Interspersed with the bush cherries will be two or three hardy varieties of bush blueberry, an elderberry or two, and plants of rosa rugosa, the rose–hip sadly not a native but a naturalized immigrant from Asia–that grows well along our rocky coast. True native roses that produce hips grow in warmer climates. The seedy but tart fruits, packed with vitamin-C, are produced in abundance over most of the summer. Like elderberries and our native fox grapes, when mixed with fresh apple juice they make a fine jelly or wine.
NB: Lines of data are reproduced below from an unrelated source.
Lemma monic_associate (f : {poly R}) n v : deg_mod f n -> P (1 - f`_n * v) ->
  exists F : {poly R}, [/\ F \is monic, size F = n.+1 & coef_in P (F - v%:P * f)].
Proof.
move=> [_ hf] hv; pose F := 'X^n + \poly_(i < n) (v * f`_i).
have hsF : size F = n.+1.
  by rewrite size_polyDl size_polyXn //; apply: leq_ltn_trans (size_poly _ _) _.
exists F; split=> //.
  by apply/monicP; rewrite lead_coefE hsF coefD coefXn coef_poly eqxx ltnn addr0.
move=> i; rewrite coefB coefD coefXn coef_poly coefCM.
case: ltngtP => hin; rewrite /= ?add0r ?addr0 ?sub0r.
- by rewrite subrr; apply: ideal0.
- by apply: idealN => //; apply: idealMl => //; exact: hf.
- by rewrite hin mulrC.
Qed.

End DegreeModulo.

(* Modulo a maximal ideal P, an ideal I of R[X] becomes an ideal of the PID
   (R/P)[X]; it is generated by the reduction of a monic F, which has positive
   degree when I contains no polynomial reducing to a nonzero constant. *)
Section MonicGenerator.
Variables (R : comNzRingType) (I : {poly R} -> Prop) (P : R -> Prop).
Hypotheses (hI : is_ideal I) (hP : is_ideal P) (hPres : residue_field P).
Hypothesis hIconst : forall g, I g -> (forall i, (0 < i)%N -> P g`_i) -> P g`_0.

Lemma monic_generator : exists F : {poly R},
  [/\ F \is monic, (1 < size F)%N & forall g, I g -> coef_in P (rmodp g F)].
Proof.
case: (classic (exists g, I g /\ ~ coef_in P g)) => [[g0 [hIg0 hg0]]|hIP]; last first.
  exists 'X; rewrite monicX size_polyX; split=> // g hg.
  apply: coef_in_rmodp (monicX _) hP _; by apply: NNPP => hng; apply: hIP; exists g.
have [n0 hn0] := deg_mod_exists hP hg0.
have [n [[f [hf hfn]] hmin]] :=
  @ex_minimal (fun n => exists f, I f /\ deg_mod P f n) n0 (ex_intro _ g0 (conj hIg0 hn0)).
have hn_gt0 : (0 < n)%N.
  case: n hfn {hmin} => // -[hf0 hfi]; exfalso; apply: hf0; exact: hIconst hf hfi.
have [v hv] := hPres (proj1 hfn).
have [F [monF hsF hFf]] := monic_associate hP hfn hv.
exists F; split=> //; first by rewrite hsF.
(* A remainder outside P[X] would give an element of I of smaller degree mod P. *)
move=> g hg; apply: NNPP => hr.
have hPX := coef_in_ideal hP.
pose h := g - v%:P * f * rdivp g F.
have hIh : I h by apply: idealB => //; apply: idealMr => //; apply: idealMl.
have eh : h = rmodp g F + (F - v%:P * f) * rdivp g F.
  by rewrite /h {1}(rdivp_eq monF g); ring.
have [|m hm] := deg_mod_exists hP (p := h).
  move=> hPh; apply: hr; have -> : rmodp g F = h - (F - v%:P * f) * rdivp g F by rewrite eh addrK.
  exact: idealB hPX hPh (idealMr _ hPX hFf).
have /hmin : exists f, I f /\ deg_mod P f m by exists h.
suff : (m <= n - 1)%N by lia.
apply: deg_mod_le hm _ => i hi; rewrite eh coefD nth_default ?add0r.
  exact: (idealMr _ hPX hFf).
have := ltn_rmodpN0 g (monic_neq0 monF); rewrite hsF; move: (size _) => s hs; lia.
Qed.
This hedge of wild, semi-wild, and domesticated fruiting bushes will grow high and dense enough to provide a visual barrier. Because it is prickly, it will function as a fence for livestock, deer, and dogs, and will provide a succession of fruit, from spring elderberry blow, the succulent flower heads that you can dip in egg batter and deep-fry, to a mid January tea brewed from the last rose hips dried by the frost.
I will keep the hedge pruned to 7 or 8 feet for ease of harvest and so we can toss a series of willow-branch hoops over it to support bird netting to keep out “those bad, bad blueberry birds” as my then three-year-old daughter Martha called the jays that flocked to an earlier blueberry bush to harvest the fruit just before it was ripe enough to top off her breakfast cereal.
Trials I will attempt in our climate include native fruit trees such as mulberry with its bland but abundant blackberrylike fruit, paw-paw, and persimmon strains bred for cooler climates. I’ll try an Osage orange or two for its bow-making wood; its fruit is inedible. And in a marsh, I think I’ve located a local variety of bush cranberry, a viburnum, that I might be able to transplant.
I’ll also plant violets as a fast-spreading native summer ground cover in a sunny border. It will replace the ubiquitous Vinca minor or myrtle, a slow growing, expensive evergreen furriner. Have you ever eaten fresh spring violet salad? We mix it with young dandelions from what remains of the lawn. The white Canadian violet and somewhat less hardy purple violet are both delectable and will grow in full sun or dappled shade if transplants from the woods are kept free of weeds for the first few years and fertilized each fall.
Please join us, then, in perpetuating, celebrating, and just plain enjoying our natural plant heritage by growing your place just a little bit wild.
You know that dragonflies are great biting-fly and mosquito-catchers. They’ll
naturally come to your pond to lay eggs that will hatch into voracious
aquatic larvae. The best way I know to attract them to open areas around
your house is to give them places to perch and lie in wait for a meal.
This works even if the pond is still just a dream. At the margin of a
woods, shrub line, or flower bed, in full sun, place brush or small logs
so that two foot or longer lengths of bare stick run horizontally, a
foot off the ground, in an open, low, brushfree area. This is so the
insects’ wide, non-folding wings won’t get snagged as they buzz in and
out. Such perches are scarce in nature, and by late summer you’ll find
the winged marauders fghting one another for a landing spot.